Fece outing e nel 2010 ritornò a fare quel che sapeva fare: il giornalista. Cominciò con delle inchieste, senza infamia e senza lode. Poi, nel 2013 ritornò a fare il conduttore, in un talk show che si intitolava Razza Umana, ma che non ebbe un gran successo di pubblico e per questo venne chiuso in anticipo. Nel 2015, infine, è diventato corrispondente da Gerusalemme. Rifacendo quello che faceva, ripartendo da dov’era partito, non importa se questo dobbiamo considerarlo una punizione o un’assoluzione. L’importante è che lo faccia bene. E’ questa la cosa giusta. Il peccato, se peccato c’è stato, in fondo ha un solo vero giudice: se stesso.

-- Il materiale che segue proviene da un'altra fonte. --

Lemma g_AC_is_rlim T g u t L :
  g_AC T g u -> 0 <= t < T -> is_rlim g t L -> exists l, is_rlim u t l.
Proof.
  intros Hac Ht HL. apply is_rlim_cauchy. intros e He.
  destruct (g_AC_incr T g u Hac e He) as [d [Hd Hl]].
  destruct (HL (d / 2) ltac:(lra)) as [r [Hr Hgr]].
  exists (Rmin r (T - t)). split; [apply Rmin_pos; lra|].
  assert (Rmin r (T - t) <= r) by apply Rmin_l. assert (Rmin r (T - t) <= T - t) by apply Rmin_r.
  intros s s' Hs Hs'. assert (A := Hgr s ltac:(lra)). assert (A' := Hgr s' ltac:(lra)).
  destruct (Rtotal_order s s') as [Hlt|[<-|Hlt]].
  - rewrite Rabs_minus_sym. apply Hl; try lra. split_Rabs; lra.
  - unfold Rminus. rewrite Rplus_opp_r, Rabs_R0. exact He.
  - apply Hl; try lra. split_Rabs; lra.
Qed.

(** * Mean value inequality for the Stieltjes derivative *)

Lemma left_margin T g a c eta :
  nondecreasing_on T g -> left_cont_on T g -> 0 < a -> 0 <= c <= T -> 0 < eta ->
  exists c', c' < c /\ forall s, a <= s <= T -> c' <= s -> g c - g s <= eta.
Proof.
  intros Hg Hl Ha Hc Heta. destruct (Rlt_or_le c a) as [Hca|Hac].
  - exists (c - 1). split; [lra|]. intros s Hs _. assert (g c <= g s) by (apply Hg; lra). lra.
  - destruct (Hl c ltac:(lra) eta Heta) as [r [Hr Hs]].
    exists (c - r / 2). split; [lra|]. intros s Hs1 Hs2.
    destruct (Rle_or_lt s c) as [Hsc|Hcs].
    + specialize (Hs s ltac:(lra) ltac:(lra)). split_Rabs; lra.
    + assert (g c <= g s) by (apply Hg; lra). lra.
Qed.

Lemma gderiv_local_bound T g v t l e :
  nondecreasing_on T g -> g_AC T g v -> 0 <= t <= T -> 0 < e ->
  (forall e, 0 < e -> exists d, 0 < d /\ forall s, 0 <= s <= T -> Rabs (s - t) < d ->
     g s <> g t -> Rabs ((v s - v t) / (g s - g t) - l) < e) ->
  exists d, 0 < d /\ forall p q, 0 <= p <= t -> t <= q <= T -> t - d < p -> q < t + d ->
    Rabs (v q - v p) <= (Rabs l + e) * (g q - g p).
Proof.
  intros Hg Hac Ht He Hl. destruct (Hl e He) as [d [Hd Hs]]. exists d. split; [exact Hd|].
  assert (Hone : forall s, 0 <= s <= T -> Rabs (s - t) < d ->
                 Rabs (v s - v t) <= (Rabs l + e) * Rabs (g s - g t)).
  { intros s Hs1 Hs2. destruct (Req_dec (g s) (g t)) as [Heq|Hne].
    - assert (v s = v t).
      { destruct (Rle_or_lt s t) as [Hst|Hts].
        + apply (g_AC_flat T g); auto; lra.
        + symmetry. apply (g_AC_flat T g); auto; lra. }
      replace (v s - v t) with 0 by lra. rewrite Rabs_R0.
      apply Rmult_le_pos; [generalize (Rabs_pos l); lra | apply Rabs_pos].
    - assert (Hr := Hs s Hs1 Hs2 Hne).
      assert (Hg0 : g s - g t <> 0) by lra.
      replace (v s - v t) with ((v s - v t) / (g s - g t) * (g s - g t)) by (field; exact Hg0).
      rewrite Rabs_mult. apply Rmult_le_compat_r; [apply Rabs_pos|].
      replace ((v s - v t) / (g s - g t)) with (l + ((v s - v t) / (g s - g t) - l)) by ring.
      eapply Rle_trans; [apply Rabs_triang | lra]. }
  intros p q Hp Hq Hpd Hqd.
  assert (g p <= g t) by (apply Hg; lra). assert (g t <= g q) by (apply Hg; lra).
  assert (Aq := Hone q ltac:(lra) ltac:(split_Rabs; lra)).
  assert (Ap := Hone p ltac:(lra) ltac:(split_Rabs; lra)).
  rewrite (Rabs_right (g q - g t)) in Aq by lra.
  rewrite (Rabs_left1 (g p - g t)), Rabs_minus_sym in Ap by lra.
  replace (v q - v p) with ((v q - v t) + (v t - v p)) by ring.
  eapply Rle_trans; [apply Rabs_triang | lra].
Qed.

Lemma fine_chain_split_bound T g v dl a b L (bad : R * R * R -> bool) K e :
  nondecreasing_on T g -> 0 <= a -> b <= T -> 0 <= K -> fine_chain dl a b L ->
  (forall x, In x L -> bad x = false ->
     Rabs (v (snd x) - v (fst (fst x))) <= K * (g (snd x) - g (fst (fst x)))) ->
  sum_abs_incr v (map ival (filter bad L)) <= e ->
  Rabs (v b - v a) <= K * (g b - g a) + e.
Proof.
  intros Hg Ha Hb HK HL Hgood Hbad.
  assert (Hab := fine_chain_le _ _ _ _ HL).
  assert (Hgood_sum : Defs.sum_incr g (map ival (filter (fun x => negb (bad x)) L)) <= g b - g a).
  { apply (sum_incr_le T); [exact Hg | lra | lra | lra |].
    apply intervals_ok_filter, (fine_chain_intervals_ok dl), HL. }
  eapply Rle_trans; [apply (fine_chain_abs_incr dl a b L v HL)|].
  rewrite (sum_abs_incr_filter_split v ival bad L).
  enough (sum_abs_incr v (map ival (filter (fun x => negb (bad x)) L)) <= K * (g b - g a))
    by lra.
  apply Rle_trans with (K * Defs.sum_incr g (map ival (filter (fun x => negb (bad x)) L)));
    [|apply Rmult_le_compat_l; assumption].
  rewrite sum_abs_incr_lsum, sum_incr_lsum, <- lsum_scal. apply lsum_le.
  intros p Hp. apply in_map_iff in Hp as [x [<- Hx]]. apply filter_In in Hx as [Hx Hbx].
  apply Hgood; [exact Hx | destruct (bad x); [discriminate | reflexivity]].
Qed.
Lemma pairing_remove_block : pairing n (remove_block U B).
Proof.
have [lt_B bnd_B cover disj] := pairB.
have lt_sr : s < r := lt_B _ UB.
have lt_rn : r < n.+2 := bnd_B _ UB.
split.
- move=> b' /remove_blockP[b /andP[bB bU] ->] /=.
  have [sb rb] := other_block_ends bB bU; rewrite newidx_ltE //; exact: lt_B.
- move=> b' /remove_blockP[b /andP[bB bU] ->] /=.
  have [_] := other_block_ends bB bU; have := bnd_B _ bB; have := r_min bB.
  by case: b bU bB => [[a c] l] _ _ /=; rewrite !inE /newidx; lia.
- move=> k lt_kn; have [x lt_x [x_sr <-]] := newidx_onto lt_sr lt_rn lt_kn.
  have [b bB xb] := cover x lt_x.
  have bU : b != U by apply: contraNneq x_sr => eb; rewrite eb in xb.
  exists ((newidx s r b.1.1, newidx s r b.1.2), b.2); first exact: mem_remove_block.
  by move: xb; rewrite !inE => /predU1P[->|/eqP->]; rewrite eqxx ?orbT.
- move=> b' c' x /remove_blockP[b /andP[bB bU] ->].
  move=> /remove_blockP[c /andP[cB cU] ->].
  move=> /ends_remove_block[y yb ->] /ends_remove_block[z zc eq_yz].
  have y_sr := pairing_ends_disjoint pairB UB bB bU yb.
  have z_sr := pairing_ends_disjoint pairB UB cB cU zc.
  have eyz : y = z by move: eq_yz y_sr z_sr; rewrite !inE /newidx /=; lia.
  by rewrite (disj _ _ _ bB cB yb); last rewrite eyz.
Qed.

Lemma is_hom_remove_block : is_hom E B -> is_hom E (remove_block U B).
Proof.
move=> homB b' c' /remove_blockP[b /andP[bB bU] ->].
move=> /remove_blockP[c /andP[cB cU] ->].
have [b1 b2] := other_block_ends bB bU; have [c1 c2] := other_block_ends cB cU.
have lt_sr : s < r by have [lt_B _ _ _] := pairB; apply: lt_B UB.
by rewrite /crossb /= !newidx_ltE //; apply: homB.
Qed.

End RemoveMinBlock.

(* Top-level copies of the let-bound helpers of [Phi], so that one
   recursion step of [Phi] unfolds to [Phi_step] by conversion. *)
Definition uat (u : seq (seq 'I_L)) s r k := nth [::] u (newidx s r k).

Definition uminus u s r k :=
  let J := [seq j <- iota 0 k | (j != s) && (j != r)] in
  if J is [::] then [::] else uat u s r (last 0 J).

Definition Phi_step s r (i : 'I_L) u N :=
  [seq (if k < s then uat u s r k else if k == s then i :: uminus u s r s
        else if k < r then i :: uat u s r k else if k == r then uminus u s r r
        else uat u s r k) | k <- iota 0 N].

Lemma Phi_recE n B U rest :
  [seq b <- B | b.1.2 == foldr minn (2 * n.+1) [seq b.1.2 | b <- B]] = U :: rest ->
  U.1.1 < U.1.2 < 2 * n.+1 ->
  Phi n.+1 B = Phi_step U.1.1 U.1.2 U.2 (Phi n (remove_block U B)) (2 * n.+1).
Proof.
move=> minU; case: n minU => [|n] minU; last by rewrite [Phi _ B]/= minU.
(* [Phi 1] is a literal in its definition, and agrees with [Phi_step] on the empty walk. *)
case: U minU => [[s r] i] /= minU lt_sr.
have [-> ->] : s = 0 /\ r = 1 by lia.
by rewrite /= minU.
Qed.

Tutto il resto fa parte del Grande Gioco che viviamo, anche con le sue regole terribili. Friedrich Nietzsche diceva che «si dimentica la propria colpa quando la si confessa a un altro. Ma di solito è l’altro che non la dimentica». Piero Marrazzo è costretto a portarsi dietro il suo incidente per tutta la vita, perchè è la condanna che riserviamo a tutti quelli che hanno fatto una strada lunga che noi non siamo riusciti a fare, perché cerchiamo sempre gli angeli e i demoni per spiegare le nostre esistenze. Mai gli uomini. Ci dimentichiamo della follia del mondo, dei nostri destini così insensati, delle nostre anime perdute. E invece è solo tutta colpa della luna, come diceva Shakespeare. «Quando si avvicina troppo alla terra fa impazzire tutti».